Problem to solve:
Starting at the first line of the data below, retype every line up to and including the one containing "(* For every".

Stored dataset items
□ □ □ □
(* The coefficient of [delta_k] in [(1_W delta_g) b] at [x], for any [W] in [I g] containing
   [x] (by [char_msupp] the choice of [W] is irrelevant); [0] if there is no such [W]. *)
Definition shift_coef (b : skel) (k : G) (x : stone B) (g : G) : R :=
  match excluded_middle_informative (exists W, I g W /\ sval x W) with
  | left ex_W => let W := constructive_indefinite_description _ ex_W in
      b (mul (inv g) k) (shift_char (proj1 (proj2_sig W)) (proj2 (proj2_sig W)))
  | right _ => 0
  end.

Lemma sum_lmul1 (t : R * B * G) (m : lst) k (x : stone B) : I t.2 t.1.2 ->
  \sum_(s <- m) (if excluded_middle_informative (mul t.2 s.2 = k)
                 then t.1.1 * s.1.1 * (sval x (msupp t.2 t.1.2 s.1.2))%:R else 0)
  = t.1.1 * (sval x t.1.2)%:R * shift_coef (fsum m) k x t.2.
Proof.
case: t => [[r U] g] /= IU; case xU: (sval x U); last first.
  rewrite mulr0 mul0r big1 // => s _; case: excluded_middle_informative => //= _.
  by rewrite (contraFF (char_le (msupp_le _ IU)) xU) mulr0.
rewrite /shift_coef; case: excluded_middle_informative => [ex_W|]; last by case; exists U.
case: (constructive_indefinite_description _ ex_W) => W [IW xW] /=.
rewrite /fsum mulr1 big_distrr /=; apply: eq_bigr => s _.
case: excluded_middle_informative => gs_k; case: excluded_middle_informative => s_gk //=.
- by rewrite (char_msupp _ IU IW xW) xU mulrA.
- by case: s_gk; apply/gmul_eqVl.
- by case: gs_k; apply/gmul_eqVl.
- by rewrite mulr0.
Qed.

Lemma fsum_lmulE (l m : lst) k (x : stone B) : valid l ->
  fsum (lmul l m) k x = \sum_(t <- l) t.1.1 * (sval x t.1.2)%:R * shift_coef (fsum m) k x t.2.
Proof.
rewrite /fsum /lmul big_allpairs_dep /=.
elim: l => [|t l IH] vl; first by rewrite !big_nil.
rewrite !big_cons IH => [|u lu]; last by apply: vl; right.
by rewrite -sum_lmul1 //; apply: vl; left.
Qed.

Lemma skel_ext (a b : skel) : (forall k x, a k x = b k x) -> a = b.
Proof. by move=> eq_ab; do 2![apply: functional_extensionality => ?]. Qed.
(* For every reduced strategy $\sigma\in\mathcal S$, $$\sum_{a\in\mathcal A(\sigma)}\frac{1}{\beta(a)}=1.$$
   Context: Game tree: $V$ is the node set of a finite rooted tree with root $r$ and leaf set $L$; $C(v)$ denotes the set of children of $v$ and $p(v)$ the parent of $v\ne r$. The internal nodes are partitioned into infosets $N$ and actions $\mathcal A$ with $r\in N$, $C(v)\subseteq\mathcal A$ and $|C(v)|>1$ for $v\in N$, and $C(a)\subseteq N\cup L$ for $a\in\mathcal A$. A strategy is $\sigma:N\to V$ with $\sigma(v)\in C(v)$. For a strategy $\sigma$, $V(\sigma)$ is the smallest subset of $V$ containing $r$, containing $\sigma(v)$ for each $v\in N\cap V(\sigma)$, and containing $C(a)$ for each $a\in\mathcal A\cap V(\sigma)$; the reduced strategy is its restriction to $N\cap V(\sigma)$; $\mathcal S$ is the set of reduced strategies and $\mathcal A(\sigma):=\mathcal A\cap V(\sigma)$. Define $m:N\cup\mathcal A\to\mathbb N$ recursively from the bottom by $m(a)=1+\sum_{v\in C(a)\cap N}m(v)$ for $a\in\mathcal A$ and $m(v)=\sum_{a\in C(v)}m(a)$ for $v\in N$. Define $\beta:N\cup\mathcal A\to\mathbb R$ from the top by $\beta(r)=1$, $\beta(a)=m(a)\beta(p(a))$ for $a\in\mathcal A$, and $\beta(v)=\beta(p(v))/m(v)$ for $v\in N\setminus\{r\}$. *)

From HB Require Import structures.
From mathcomp Require Import all_boot all_order all_algebra.
Set Implicit Arguments. Unset Strict Implicit. Unset Printing Implicit Defensive.
Import Order.TTheory GRing.Theory Num.Theory.

(* A finite rooted tree on the node type V (a finType) with root r is given by
   a parent map p : V -> V with the convention p r = r; see [rooted_tree]. *)

Definition children (V : finType) (r : V) (p : V -> V) (v : V) : {set V} :=
  [set w | (w != r) && (p w == v)].

Definition leaves (V : finType) (r : V) (p : V -> V) : {set V} :=
  [set v | children r p v == set0].

(* p r = r and every node reaches the root by iterating the parent map
   (so the parent relation is acyclic: this is a rooted tree). *)
Definition rooted_tree (V : finType) (r : V) (p : V -> V) : Prop :=
  p r = r /\ forall v : V, exists k : nat, iter k p v = r.

(* The game tree axioms: internal nodes partitioned into infosets N and
   actions A, r in N, C(v) ⊆ A and |C(v)| > 1 for v in N,
   C(a) ⊆ N ∪ L for a in A. *)
Definition game_tree (V : finType) (r : V) (p : V -> V) (N A : {set V}) : Prop :=
  rooted_tree r p /\
  r \in N /\
  N :&: A = set0 /\
  (forall v : V, (v \in N :|: A) = (children r p v != set0)) /\
  (forall v : V, v \in N -> children r p v \subset A /\ 1 < #|children r p v|) /\
  (forall a : V, a \in A -> children r p a \subset N :|: leaves r p).

Definition strategy (V : finType) (r : V) (p : V -> V) (N : {set V})
  (sigma : V -> V) : Prop :=
  forall v : V, v \in N -> sigma v \in children r p v.

Definition closed_for (V : finType) (r : V) (p : V -> V) (N A : {set V})
  (sigma : V -> V) (S : {set V}) : bool :=
  [&& r \in S,
      [forall v in N :&: S, sigma v \in S]
    & [forall a in A :&: S, children r p a \subset S]].

Definition Vsigma (V : finType) (r : V) (p : V -> V) (N A : {set V})
  (sigma : V -> V) : {set V} :=
  [set x | [forall S : {set V}, closed_for r p N A sigma S ==> (x \in S)]].

Definition Asigma (V : finType) (r : V) (p : V -> V) (N A : {set V})
  (sigma : V -> V) : {set V} := A :&: Vsigma r p N A sigma.

(* m, defined recursively from the bottom; fuel k (tree height < #|V|). *)
Fixpoint m_fuel (V : finType) (r : V) (p : V -> V) (N A : {set V})
  (k : nat) (v : V) : nat :=
  match k with
  | 0 => 0
  | k'.+1 =>
    if v \in A then (1 + \sum_(w in children r p v :&: N) m_fuel r p N A k' w)%N
    else (\sum_(w in children r p v) m_fuel r p N A k' w)%N
  end.

Definition mval (V : finType) (r : V) (p : V -> V) (N A : {set V}) (v : V) : nat :=
  m_fuel r p N A #|V| v.

(* beta, defined recursively from the top; fuel k (depth < #|V|). *)
Fixpoint beta_fuel (R : fieldType) (V : finType) (r : V) (p : V -> V)
  (N A : {set V}) (k : nat) (v : V) : R :=
  match k with
  | 0 => 1
  | k'.+1 =>
    if v == r then 1
    else if v \in A then (mval r p N A v)%:R * beta_fuel R r p N A k' (p v)
    else beta_fuel R r p N A k' (p v) / (mval r p N A v)%:R
  end%R.

Definition beta (R : fieldType) (V : finType) (r : V) (p : V -> V)
  (N A : {set V}) (v : V) : R := beta_fuel R r p N A #|V| v.

From HB Require Import structures.
From mathcomp Require Import all_boot all_order all_algebra ring.
Import Order.TTheory GRing.Theory Num.Theory.
Set Implicit Arguments. Unset Strict Implicit.

(* For an action a with parent infoset v, the recursions for m and beta give
   1/beta(a) = 1/beta(v) - sum_(w in C(a) :&: N) 1/beta(w), since
   sum_w m(w) = m(a) - 1.  Summing over A(sigma) telescopes: a |-> p a is a
   bijection from A(sigma) onto N :&: V(sigma) (with inverse sigma), and the
   infosets below the actions of A(sigma) are exactly N :&: V(sigma) minus the
   root.  All that survives is 1/beta(r) = 1. *)

Section GameTree.
Variables (V : finType) (r : V) (p : V -> V) (N A : {set V}).

Local Notation C := (children r p).
Local Notation m := (mval r p N A).

Lemma card_prednK : #|V| = #|V|.-1.+1.
Proof. by rewrite prednK //; apply/card_gt0P; exists r. Qed.

(* The hypothesis says that x has no descendant at depth k. *)
Lemma m_fuel_stable k k' x :
  (forall y, iter k p y = x -> exists2 i, iter i p y = r & i < k) ->
  k <= k' -> m_fuel r p N A k' x = m_fuel r p N A k x.
Proof.
elim: k k' x => [|k IH] [|k'] x shallow //=; first by case: (shallow x).
rewrite ltnS => le_kk'.
have stable_child w : w \in C x -> m_fuel r p N A k' w = m_fuel r p N A k w.
  rewrite inE => /andP [w_neq_r /eqP pw]; apply: IH => // y yw.
  have [i yi lt_ik] : exists2 i, iter i p y = r & i < k.+1.
    by apply: shallow; rewrite iterS yw.
  exists i => //; rewrite ltn_neqAle -ltnS lt_ik andbT.
  by apply: contra_neq w_neq_r => ik; rewrite -yw -ik.
case: (x \in A); last exact: eq_bigr.
by congr (_ + _)%N; apply: eq_bigr => w /setIP [/stable_child].
Qed.

Lemma beta_fuel_stable (R : fieldType) j k x :
  iter j p x = r -> j < k -> beta_fuel R r p N A k x = beta_fuel R r p N A j.+1 x.
Proof.
elim: j k x => [|j IH] [|k] x //= xr lt_jk; first by rewrite xr eqxx.
by case: eqP => // _; rewrite IH // -iterSr.
Qed.

Lemma beta_root (R : fieldType) : beta R r p N A r = 1%R.
Proof. by rewrite /beta card_prednK /= eqxx. Qed.

Hypothesis tree : rooted_tree r p.

Lemma reach_root_lt_card x : exists2 j, iter j p x = r & j < #|V|.
Proof.
have [k xk] := tree.2 x.
have xr : fconnect p x r by rewrite -xk fconnect_iter.
exists (findex p x r); first exact: iter_findex.
exact: leq_trans (findex_max xr) (max_card _).
Qed.

Lemma mval_action a :
  a \in A -> m a = (1 + \sum_(w in C a :&: N) m w)%N.
Proof.
move=> aA; rewrite [LHS]/mval card_prednK /= aA; congr (_ + _)%N.
apply: eq_bigr => w; rewrite !inE => /andP [/andP [w_neq_r _] _].
rewrite /mval; symmetry; apply: m_fuel_stable (leq_pred _) => y yw.
have [i yi lt_iV] := reach_root_lt_card y.
exists i => //; move: lt_iV; rewrite card_prednK ltnS leq_eqVlt.
by case: eqP => [ni|//]; move: w_neq_r; rewrite -yw -ni yi eqxx.
Qed.

Lemma beta_nonroot (R : fieldType) x : x != r ->
  beta R r p N A x = if x \in A then ((m x)%:R * beta R r p N A (p x))%R
                     else (beta R r p N A (p x) / (m x)%:R)%R.
Proof.
move=> x_neq_r; rewrite [LHS]/beta card_prednK /= (negbTE x_neq_r).
have [[|j] xj lt_jV] := reach_root_lt_card x; first by rewrite -xj eqxx in x_neq_r.
move: xj lt_jV; rewrite iterSr card_prednK ltnS => pxj lt_jV.
by rewrite /beta card_prednK (beta_fuel_stable _ pxj lt_jV)
  (beta_fuel_stable _ pxj (leqW lt_jV)).
Qed.

Hypothesis disjoint_NA : N :&: A = set0.

Lemma notin_A_of_N x : x \in N -> x \notin A.
Proof. by move=> xN; apply/negP => xA; move/setP/(_ x): disjoint_NA; rewrite !inE xN xA. Qed.

Lemma inv_beta_action (R : fieldType) a : [pchar R]%R =i pred0 -> a \in A -> a != r ->
  ((beta R r p N A a)^-1 =
   (beta R r p N A (p a))^-1 - \sum_(w in C a :&: N) (beta R r p N A w)^-1)%R.
Proof.
move=> charR0 aA a_neq_r.
have beta_a := beta_nonroot R a_neq_r; rewrite aA in beta_a.
have inv_beta_w w : w \in C a :&: N ->
    ((beta R r p N A w)^-1 = (m w)%:R * (beta R r p N A a)^-1)%R.
  rewrite !inE => /andP [/andP [w_neq_r /eqP pw] wN].
  by rewrite beta_nonroot // (negbTE (notin_A_of_N wN)) pw invf_div.
rewrite (eq_bigr _ inv_beta_w) -mulr_suml -natr_sum beta_a invfM.
move: (mval_action aA) => ->; rewrite natrD.
set M := (\sum_(w in _) _)%N.
(* Abstracting 1/beta(p a) spares [field] the side condition beta(p a) != 0. *)
set c := ((beta R r p N A (p a))^-1)%R.
have M1_neq0 : (1 + M%:R : R)%R != 0%R.
  by rewrite addrC natr1 (pcharf0P _).1.
by field.
Qed.

Hypothesis root_N : r \in N.
Hypothesis internal_children : forall v, (v \in N :|: A) = (C v != set0).
Hypothesis children_N : forall v, v \in N -> C v \subset A.
Hypothesis children_A : forall a, a \in A -> C a \subset N :|: leaves r p.

Lemma action_neq_root a : a \in A -> a != r.
Proof. by apply: contraTneq => ->; exact: notin_A_of_N. Qed.

Lemma parent_internal x : x != r -> p x \in N :|: A.
Proof.
by move=> x_neq_r; rewrite internal_children; apply/set0Pn; exists x; rewrite inE x_neq_r /=.
Qed.

Lemma parent_action a : a \in A -> p a \in N.
Proof.
move=> aA; have := parent_internal (action_neq_root aA).
rewrite inE => /orP [//|paA]; have := subsetP (children_A paA) a.
rewrite !inE (action_neq_root aA) eqxx => /(_ isT) /orP [aN|].
  by move: (notin_A_of_N aN); rewrite aA.
have : a \in N :|: A by rewrite inE aA orbT.
by rewrite internal_children => /negbTE ->.
Qed.

Lemma parent_infoset v : v \in N -> v != r -> p v \in A.
Proof.
move=> vN v_neq_r; have := parent_internal v_neq_r.
rewrite inE => /orP [pvN|//]; have := subsetP (children_N pvN) v.
by rewrite inE v_neq_r eqxx (negbTE (notin_A_of_N vN)) => /(_ isT).
Qed.

Variable sigma : V -> V.
Hypothesis strat : strategy r p N sigma.

Local Notation Vs := (Vsigma r p N A sigma).
Local Notation As := (Asigma r p N A sigma).
Local Notation Ns := (N :&: Vs).

Lemma Vsigma_min S : closed_for r p N A sigma S -> Vs \subset S.
Proof.
by move=> closedS; apply/subsetP => x; rewrite inE => /forallP/(_ S); rewrite closedS.
Qed.

Lemma Vsigma_closed : closed_for r p N A sigma Vs.
Proof.
have in_Vs x : (forall S, closed_for r p N A sigma S -> x \in S) -> x \in Vs.
  by move=> xS; rewrite inE; apply/forallP => S; apply/implyP; apply: xS.
apply/and3P; split.
- by apply: in_Vs => S /and3P [].
- apply/forall_inP => v /setIP [vN vVs]; apply: in_Vs => S closedS.
  have vS := subsetP (Vsigma_min closedS) v vVs.
  by case/and3P: closedS => _ /forall_inP sigmaS _; apply: sigmaS; rewrite inE vN vS.
- apply/forall_inP => a /setIP [aA aVs]; apply/subsetP => w wa; apply: in_Vs => S closedS.
  have aS := subsetP (Vsigma_min closedS) a aVs.
  by case/and3P: closedS => _ _ /forall_inP/(_ a); rewrite inE aA aS => /(_ isT)/subsetP; apply.
Qed.

Lemma root_Vsigma : r \in Vs.
Proof. by case/and3P: Vsigma_closed. Qed.

Lemma sigma_Vsigma v : v \in Ns -> sigma v \in Vs.
Proof. by case/and3P: Vsigma_closed => _ /forall_inP + _; apply. Qed.

Lemma children_Vsigma a w : a \in As -> w \in C a -> w \in Vs.
Proof.
by move=> aAs wa; case/and3P: Vsigma_closed => _ _ /forall_inP/(_ a aAs)/subsetP; apply.
Qed.

(* By minimality, V(sigma) is contained in the closed set S of nodes whose
   parent lies in V(sigma) and, if that parent is an infoset, is its sigma-choice. *)
Lemma Vsigma_parent x : x \in Vs -> x != r ->
  p x \in Vs /\ (p x \in N -> sigma (p x) = x).
Proof.
pose S := [set y in Vs | (y == r) || (p y \in Vs) && ((p y \in N) ==> (sigma (p y) == y))].
have closedS : closed_for r p N A sigma S.
  apply/and3P; split; first by rewrite inE root_Vsigma eqxx.
  - apply/forall_inP => v /setIP [vN]; rewrite inE => /andP [vVs _].
    have := strat vN; rewrite inE => /andP [sv_neq_r /eqP psv].
    have svVs : sigma v \in Vs by apply: sigma_Vsigma; apply/setIP.
    by rewrite inE svVs (negbTE sv_neq_r) psv vVs vN eqxx.
  - apply/forall_inP => a /setIP [aA]; rewrite inE => /andP [aVs _].
    have aAs : a \in As by apply/setIP.
    apply/subsetP => w wa; rewrite inE (children_Vsigma aAs wa) /=.
    move: wa; rewrite inE => /andP [w_neq_r /eqP ->].
    by rewrite (negbTE w_neq_r) aVs (negbTE (contraL (@notin_A_of_N a) aA)).
move=> xVs x_neq_r; have := subsetP (Vsigma_min closedS) x xVs.
rewrite inE xVs (negbTE x_neq_r) /= => /andP [pxVs /implyP sigma_px].
by split=> // pxN; apply/eqP/sigma_px.
Qed.

Lemma parent_Asigma a : a \in As -> p a \in Ns /\ sigma (p a) = a.
Proof.
case/setIP=> aA aVs; have [paVs sigma_pa] := Vsigma_parent aVs (action_neq_root aA).
by have paN := parent_action aA; rewrite inE paN paVs sigma_pa.
Qed.

Lemma sigma_Nsigma v : v \in Ns -> sigma v \in As /\ p (sigma v) = v.
Proof.
move=> vNs; have /setIP [vN _] := vNs.
have sv := strat vN; move: (sv); rewrite inE => /andP [_ /eqP psv].
by rewrite inE (subsetP (children_N vN) _ sv) sigma_Vsigma.
Qed.

Lemma sum_Asigma_parent (R : nmodType) (F : V -> R) :
  (\sum_(a in As) F (p a) = \sum_(v in Ns) F v)%R.
Proof.
rewrite [RHS](reindex_onto p sigma); last by move=> v /sigma_Nsigma [].
apply: eq_bigl => a; apply/idP/andP => [/parent_Asigma [-> ->] // | [paNs /eqP <-]].
by have [] := sigma_Nsigma paNs.
Qed.

Lemma sum_Asigma_children (R : nmodType) (F : V -> R) :
  (\sum_(a in As) \sum_(w in C a :&: N) F w = \sum_(w in Ns | w != r) F w)%R.
Proof.
rewrite [RHS](partition_big p (mem As)) => [|w /andP [/setIP [wN wVs] w_neq_r]]; last first.
  by apply/setIP; split; [apply: parent_infoset | apply: (Vsigma_parent wVs w_neq_r).1].
apply: eq_bigr => a aAs; apply: eq_bigl => w; rewrite -andbA.
apply/setIP/and3P => [[wa wN] | [/setIP [wN _] w_neq_r /eqP pw]].
  move: (wa); rewrite inE => /andP [-> /eqP ->].
  by rewrite inE wN (children_Vsigma aAs wa).
by rewrite inE w_neq_r pw eqxx.
Qed.

Lemma sum_inv_beta_Asigma (R : fieldType) : [pchar R]%R =i pred0 ->
  (\sum_(a in As) (beta R r p N A a)^-1 = 1)%R.
Proof.
move=> charR0; rewrite (eq_bigr (fun a => (beta R r p N A (p a))^-1 -
                  \sum_(w in C a :&: N) (beta R r p N A w)^-1)%R); last first.
  by move=> a /setIP [aA _]; rewrite inv_beta_action ?action_neq_root.
rewrite sumrB (sum_Asigma_parent (fun v => (beta R r p N A v)^-1%R)).
rewrite (sum_Asigma_children (fun v => (beta R r p N A v)^-1%R)).
rewrite (bigD1 r) /=; last by rewrite inE root_N root_Vsigma.
by rewrite addrK beta_root invr1.
Qed.

End GameTree.

Theorem mainTheorem4 (R : realFieldType) (V : finType) (r : V) (p : V -> V)
  (N A : {set V}) (sigma : V -> V) :
  game_tree r p N A ->
  strategy r p N sigma ->
  (\sum_(a in Asigma r p N A sigma) (beta R r p N A a)^-1 = 1)%R.
Proof.
move=> [tree [rN [NA0 [internal [children_N children_A]]]]] strat.
have childrenN_A v : v \in N -> children r p v \subset A by case/children_N.
by rewrite (sum_inv_beta_Asigma tree NA0 rN internal childrenN_A children_A strat) //;
  exact: pchar_num.
Qed.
□ □ □ □
Solution to this exercise:
(* The coefficient of [delta_k] in [(1_W delta_g) b] at [x], for any [W] in [I g] containing
   [x] (by [char_msupp] the choice of [W] is irrelevant); [0] if there is no such [W]. *)
Definition shift_coef (b : skel) (k : G) (x : stone B) (g : G) : R :=
  match excluded_middle_informative (exists W, I g W /\ sval x W) with
  | left ex_W => let W := constructive_indefinite_description _ ex_W in
      b (mul (inv g) k) (shift_char (proj1 (proj2_sig W)) (proj2 (proj2_sig W)))
  | right _ => 0
  end.

Lemma sum_lmul1 (t : R * B * G) (m : lst) k (x : stone B) : I t.2 t.1.2 ->
  \sum_(s <- m) (if excluded_middle_informative (mul t.2 s.2 = k)
                 then t.1.1 * s.1.1 * (sval x (msupp t.2 t.1.2 s.1.2))%:R else 0)
  = t.1.1 * (sval x t.1.2)%:R * shift_coef (fsum m) k x t.2.
Proof.
case: t => [[r U] g] /= IU; case xU: (sval x U); last first.
  rewrite mulr0 mul0r big1 // => s _; case: excluded_middle_informative => //= _.
  by rewrite (contraFF (char_le (msupp_le _ IU)) xU) mulr0.
rewrite /shift_coef; case: excluded_middle_informative => [ex_W|]; last by case; exists U.
case: (constructive_indefinite_description _ ex_W) => W [IW xW] /=.
rewrite /fsum mulr1 big_distrr /=; apply: eq_bigr => s _.
case: excluded_middle_informative => gs_k; case: excluded_middle_informative => s_gk //=.
- by rewrite (char_msupp _ IU IW xW) xU mulrA.
- by case: s_gk; apply/gmul_eqVl.
- by case: gs_k; apply/gmul_eqVl.
- by rewrite mulr0.
Qed.

Lemma fsum_lmulE (l m : lst) k (x : stone B) : valid l ->
  fsum (lmul l m) k x = \sum_(t <- l) t.1.1 * (sval x t.1.2)%:R * shift_coef (fsum m) k x t.2.
Proof.
rewrite /fsum /lmul big_allpairs_dep /=.
elim: l => [|t l IH] vl; first by rewrite !big_nil.
rewrite !big_cons IH => [|u lu]; last by apply: vl; right.
by rewrite -sum_lmul1 //; apply: vl; left.
Qed.

Lemma skel_ext (a b : skel) : (forall k x, a k x = b k x) -> a = b.
Proof. by move=> eq_ab; do 2![apply: functional_extensionality => ?]. Qed.
(* For every reduced strategy $\sigma\in\mathcal S$, $$\sum_{a\in\mathcal A(\sigma)}\frac{1}{\beta(a)}=1.$$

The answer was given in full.